What Have We Learned?
So we see there were six players with non-strikeout streaks exceeding 50 for the 2016 season. What does it mean to have a long non-streakout streak? It can mean several things. Obviously, all of these players are tough to strike out and they have a talent to make contact with the ball. But are these players particularly streaky in their pattern of strikeouts? That is, are their patterns of 0’s and 1’s unusual given their general strikeout ability and number of PA’s? We know Betts had the longest non-strikeout streak, but we don’t know if he was the most streaky among the 2016 players with respect to their strikeout hitting.

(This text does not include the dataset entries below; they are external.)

(* For any $n\times n$ completely positive semidefinite matrix $X$, $$\mathrm{cpsd}\text{-}\mathrm{rank}(X)\ge \frac{\left(\sum_{i=1}^n\sqrt{X_{ii}}\right)^2}{\sum_{i,j=1}^n X_{ij}}.$$
   Context: An $n\times n$ matrix $X$ is completely positive semidefinite (cpsd) if there exist $d\ge1$ and Hermitian positive semidefinite $d\times d$ matrices $P_1,\dots,P_n$ with $X_{ij}=\mathrm{Tr}(P_iP_j)$ for all $i,j$; the cpsd-rank of $X$ is the least such $d$. *)

From HB Require Import structures.
From mathcomp Require Import all_boot all_order all_algebra.
From mathcomp Require Import complex.
From mathcomp Require Import boolp reals.

Set Implicit Arguments.
Unset Strict Implicit.
Unset Printing Implicit Defensive.

Import Order.TTheory GRing.Theory Num.Theory.
Local Open Scope ring_scope.

Definition adjmx (R : realType) (m n : nat) (A : 'M[R[i]]_(m, n)) : 'M[R[i]]_(n, m) :=
  map_mx Num.conj (A^T).

Definition hermitian_psd (R : realType) (d : nat) (P : 'M[R[i]]_d) : Prop :=
  adjmx P = P /\ forall v : 'cV[R[i]]_d, 0 <= (adjmx v *m P *m v) 0 0.

Definition cpsd_factorization (R : realType) (n : nat) (X : 'M[R]_n) (d : nat) : Prop :=
  exists P : 'I_n -> 'M[R[i]]_d,
    (forall i, hermitian_psd (P i)) /\
    (forall i j, ((X i j)%:C)%C = \tr (P i *m P j)).

Definition is_cpsd (R : realType) (n : nat) (X : 'M[R]_n) : Prop :=
  exists d, (1 <= d)%N /\ cpsd_factorization X d.

Definition cpsd_rank (R : realType) (n : nat) (X : 'M[R]_n) (hX : is_cpsd X) : nat :=
  ex_minn (P := fun d => `[< (1 <= d)%N /\ cpsd_factorization X d >])
    (let: ex_intro d hd := hX in ex_intro _ d (asboolT hd)).

From HB Require Import structures.
From mathcomp Require Import all_boot all_order all_algebra.
From mathcomp Require Import complex.
From mathcomp Require Import boolp reals.
From mathcomp Require Import ring lra.
Import Order.TTheory GRing.Theory Num.Theory.
Set Implicit Arguments.
Unset Strict Implicit.
Local Open Scope ring_scope.

(* Let X_ij = Tr(P_i P_j) with P_i Hermitian PSD of size d, and S = sum_i P_i.
   The 2x2 principal minors of a PSD matrix give |P_kl|^2 <= P_kk P_ll, hence
   X_ii = Tr(P_i^2) = sum_kl |P_i,kl|^2 <= (Tr P_i)^2 and sqrt X_ii <= Tr P_i.
   On the other hand sum_ij X_ij = Tr(S^2) = sum_kl |S_kl|^2 >= sum_k S_kk^2,
   which is at least (Tr S)^2 / d by Cauchy-Schwarz, and Tr S = sum_i Tr P_i. *)

Local Notation "x %:C" := (x%:C)%C : ring_scope.

Lemma real_sqr_sum_le (C : numDomainType) (d : nat) (x : 'I_d -> C) :
  (forall k, x k \is Num.real) -> (\sum_k x k) ^+ 2 <= d%:R * \sum_k x k ^+ 2.
Proof.
move=> xR.
have sum_sqr_diff : \sum_k \sum_l (x k - x l) ^+ 2
    = (d%:R * \sum_k x k ^+ 2 - (\sum_k x k) ^+ 2) *+ 2.
  under eq_bigr => k _ do under eq_bigr => l _ do rewrite sqrrB addrAC.
  under eq_bigr => k _ do rewrite sumrB big_split /= sumr_const card_ord sumrMnl -mulr_sumr.
  rewrite sumrB big_split /= sumr_const card_ord !sumrMnl -mulr_suml -expr2.
  by rewrite mulrnBl mulr2n mulr_natl.
have : 0 <= \sum_k \sum_l (x k - x l) ^+ 2.
  by do 2!(apply: sumr_ge0 => ? _); rewrite -realEsqr rpredB.
by rewrite sum_sqr_diff pmulrn_lge0 // subr_ge0.
Qed.

Lemma le_mul_of_quadratic_ge0 (F : realFieldType) (a c n : F) :
  0 <= a -> 0 <= c -> 0 <= n ->
  (forall s, 0 <= a * n - 2 * s * n + s ^+ 2 * c) -> n <= a * c.
Proof.
move=> a0 c0 n0 q_ge0; have [c_eq0|c_neq0] := eqVneq c 0.
  by have := q_ge0 (a + 1); rewrite c_eq0 mulr0 addr0 => q1; nra.
have c_gt0 : 0 < c by rewrite lt_def c_neq0.
have := q_ge0 (n / c); set s := n / c.
have sc : s * c = n by rewrite /s divfK.
rewrite expr2 -(mulrA s) sc => q_s.
have : 0 <= n * (a * c - n) by nra.
have [-> _|n_neq0] := eqVneq n 0; first exact: mulr_ge0.
have n_gt0 : 0 < n by rewrite lt_def n_neq0.
by rewrite pmulr_rge0 // subr_ge0.
Qed.

Section HermitianMatrices.
Variables (R : realType) (d : nat).
Implicit Types (P S : 'M[R[i]]_d) (u w : 'cV[R[i]]_d).
Local Notation unit_cV k := (delta_mx k 0 : 'cV[R[i]]_d).

Lemma adjmxE m n (A : 'M[R[i]]_(m, n)) i j : adjmx A i j = (A j i)^*.
Proof. by rewrite !mxE. Qed.

Lemma adjmxD m n (A B : 'M[R[i]]_(m, n)) : adjmx (A + B) = adjmx A + adjmx B.
Proof. by apply/matrixP => i j; rewrite !mxE rmorphD. Qed.

Lemma adjmxZ m n (a : R[i]) (A : 'M[R[i]]_(m, n)) : adjmx (a *: A) = a^* *: adjmx A.
Proof. by apply/matrixP => i j; rewrite !mxE rmorphM. Qed.

Lemma adjmx_delta m n (i : 'I_m) (j : 'I_n) :
  adjmx (delta_mx i j : 'M[R[i]]_(m, n)) = delta_mx j i.
Proof. by apply/matrixP => k l; rewrite !mxE conjC_nat andbC. Qed.

Lemma form_delta P k l : (adjmx (unit_cV k) *m P *m unit_cV l) 0 0 = P k l.
Proof. by rewrite adjmx_delta -rowE -colE !mxE. Qed.

Lemma form_comb P (a b : R[i]) u w :
  let v := a *: u + b *: w in
  (adjmx v *m P *m v) 0 0 =
    a^* * a * (adjmx u *m P *m u) 0 0 + a^* * b * (adjmx u *m P *m w) 0 0
  + b^* * a * (adjmx w *m P *m u) 0 0 + b^* * b * (adjmx w *m P *m w) 0 0.
Proof.
rewrite /= adjmxD !adjmxZ !mulmxDl !mulmxDr -!scalemxAl -!scalemxAr !scalerA.
move: (adjmx u *m P *m u) (adjmx u *m P *m w) (adjmx w *m P *m u) (adjmx w *m P *m w).
by move=> A B C D; rewrite !mxE addrA.
Qed.

Lemma hermitian_entryC S k l : adjmx S = S -> S l k = (S k l)^*.
Proof. by move=> hS; rewrite -[in LHS]hS adjmxE. Qed.

Lemma psd_diag_ge0 P k : hermitian_psd P -> 0 <= P k k.
Proof. by case=> _ /(_ (unit_cV k)); rewrite form_delta. Qed.

Lemma psd_sqr_normC_le P k l : hermitian_psd P -> `|P k l| ^+ 2 <= P k k * P l l.
Proof.
move=> hP; have [hS form_ge0] := hP; set z := P k l.
have /complex_realP[a Pkk] : P k k \is Num.real by rewrite ger0_real ?psd_diag_ge0.
have /complex_realP[c Pll] : P l l \is Num.real by rewrite ger0_real ?psd_diag_ge0.
have a0 : 0 <= a by rewrite -ler0c -Pkk psd_diag_ge0.
have c0 : 0 <= c by rewrite -ler0c -Pll psd_diag_ge0.
set n := complex.Re z ^+ 2 + complex.Im z ^+ 2.
have n0 : 0 <= n by rewrite addr_ge0 ?sqr_ge0.
have zz : z^* * z = n%:C by rewrite -normCKC -add_Re2_Im2.
rewrite -add_Re2_Im2 -/n Pkk Pll -rmorphM lecR.
(* The test vector -z e_k + s e_l turns positivity into a real quadratic in s. *)
apply: le_mul_of_quadratic_ge0 => // s.
have sR : s%:C \is Num.real by apply/complex_realP; exists s.
have := form_ge0 ((- z) *: unit_cV k + s%:C *: unit_cV l).
rewrite form_comb !form_delta (hermitian_entryC k l hS) -/z Pkk Pll rmorphN conj_Creal //=.
suff -> : - z^* * - z * a%:C + - z^* * s%:C * z + s%:C * - z * z^* + s%:C * s%:C * c%:C
    = (a * n - 2 * s * n + s ^+ 2 * c)%:C by rewrite ler0c.
transitivity (a%:C * (z^* * z) - 2 * s%:C * (z^* * z) + s%:C ^+ 2 * c%:C); first ring.
by rewrite zz; ring.
Qed.

Lemma hermitian_tr_sqr S : adjmx S = S ->
  \tr (S *m S) = \sum_k \sum_l `|S k l| ^+ 2.
Proof.
move=> hS; apply: eq_bigr => k _; rewrite mxE; apply: eq_bigr => l _.
by rewrite (hermitian_entryC k l hS) normCK.
Qed.

Lemma hermitian_tr_sqr_ge0 S : adjmx S = S -> 0 <= \tr (S *m S).
Proof.
by move=> hS; rewrite hermitian_tr_sqr //; do 2!(apply: sumr_ge0 => ? _); rewrite exprn_ge0.
Qed.

Lemma psd_tr_ge0 P : hermitian_psd P -> 0 <= \tr P.
Proof. by move=> hP; apply: sumr_ge0 => k _; apply: psd_diag_ge0. Qed.

Lemma psd_tr_sqr_le P : hermitian_psd P -> \tr (P *m P) <= \tr P ^+ 2.
Proof.
move=> hP; rewrite hermitian_tr_sqr ?hP.1 // expr2 mulr_suml.
apply: ler_sum => k _; rewrite mulr_sumr; apply: ler_sum => l _.
exact: psd_sqr_normC_le.
Qed.

Lemma hermitian_tr_sqr_ge S : adjmx S = S -> \tr S ^+ 2 <= d%:R * \tr (S *m S).
Proof.
move=> hS; have diag_real k : S k k \is Num.real.
  by apply/CrealP; rewrite -hermitian_entryC.
apply: le_trans (real_sqr_sum_le diag_real) _; apply: ler_wpM2l => //.
rewrite hermitian_tr_sqr //; apply: ler_sum => k _.
rewrite -real_normK // (bigD1 k) //= lerDl.
by apply: sumr_ge0 => l _; rewrite exprn_ge0.
Qed.

Lemma adjmx_sum m n I (r : seq I) (Q : pred I) (A : I -> 'M[R[i]]_(m, n)) :
  adjmx (\sum_(i <- r | Q i) A i) = \sum_(i <- r | Q i) adjmx (A i).
Proof.
apply: (big_morph _ (@adjmxD m n)).
by apply/matrixP => i j; rewrite !mxE conjC0.
Qed.

End HermitianMatrices.

Local Notation mxtrace_sum := (raddf_sum (@mxtrace _ _)).

Lemma cpsd_factorization_sqr_le (R : realType) n (X : 'M[R]_n) d :
  cpsd_factorization X d ->
  (\sum_i Num.sqrt (X i i)) ^+ 2 <= d%:R * \sum_i \sum_j X i j.
Proof.
case=> P [hP hX]; pose S := \sum_i P i.
have hS : adjmx S = S by rewrite adjmx_sum; apply: eq_bigr => i _; exact: (hP i).1.
have sum_X : (\sum_i \sum_j X i j)%:C = \tr (S *m S).
  rewrite rmorph_sum mulmx_suml mxtrace_sum; apply: eq_bigr => i _.
  by rewrite rmorph_sum mulmx_sumr mxtrace_sum; apply: eq_bigr => j _; exact: hX.
have sqrt_le i : (Num.sqrt (X i i))%:C <= \tr (P i).
  have Xii0 : 0 <= X i i by have := hermitian_tr_sqr_ge0 (hP i).1; rewrite -hX ler0c.
  rewrite -ler_sqr ?nnegrE ?ler0c ?sqrtr_ge0 ?psd_tr_ge0 //.
  apply: le_trans (psd_tr_sqr_le (hP i)).
  by rewrite -hX -rmorphXn sqr_sqrtr.
rewrite -lecR; apply: (@le_trans _ _ (\tr S ^+ 2)).
  rewrite rmorphXn rmorph_sum mxtrace_sum ler_sqr ?nnegrE.
  - by apply: ler_sum => i _; exact: sqrt_le.
  - by apply: sumr_ge0 => i _; rewrite ler0c sqrtr_ge0.
  - by apply: sumr_ge0 => i _; apply: psd_tr_ge0.
apply: le_trans (hermitian_tr_sqr_ge hS) _.
by rewrite -sum_X rmorphM rmorph_nat.
Qed.

Lemma ler_div_of_ler_mul (F : realFieldType) (a b c : F) :
  0 <= a -> 0 <= c -> a <= c * b -> a / b <= c.
Proof.
(* For b <= 0, including b = 0 where a / 0 = 0, the quotient is nonpositive. *)
move=> a0 c0 le_a_cb; have [b_gt0|b_le0] := ltP 0 b; first by rewrite ler_pdivrMr.
by apply: le_trans c0; rewrite mulr_ge0_le0 // invr_le0.
Qed.

Theorem theorem3p8 (R : realType) (n : nat) (X : 'M[R]_n) (hX : is_cpsd X) :
  (\sum_(i < n) Num.sqrt (X i i)) ^+ 2 / (\sum_(i < n) \sum_(j < n) X i j)
    <= (cpsd_rank hX)%:R.
Proof.
rewrite /cpsd_rank; case: ex_minnP => d /asboolP[_ hd] _.
exact: ler_div_of_ler_mul (sqr_ge0 _) (ler0n _ _) (cpsd_factorization_sqr_le hd).
Qed.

Actually there is statistical evidence to suggest that the most remarkable streak among these six players was Adam Eaton, not Mookie Betts. Betts had the longest non-strikeout streak, but Eaton’s pattern of strikeouts was most unusual given his overall strikeout rate and number of PA’s. The statistical evidence is based on a permutation test that can be implemented using the permutation.test
in the BayesTestStreak
package. I applied a permutation test in an earlier post of assessing situational hitting.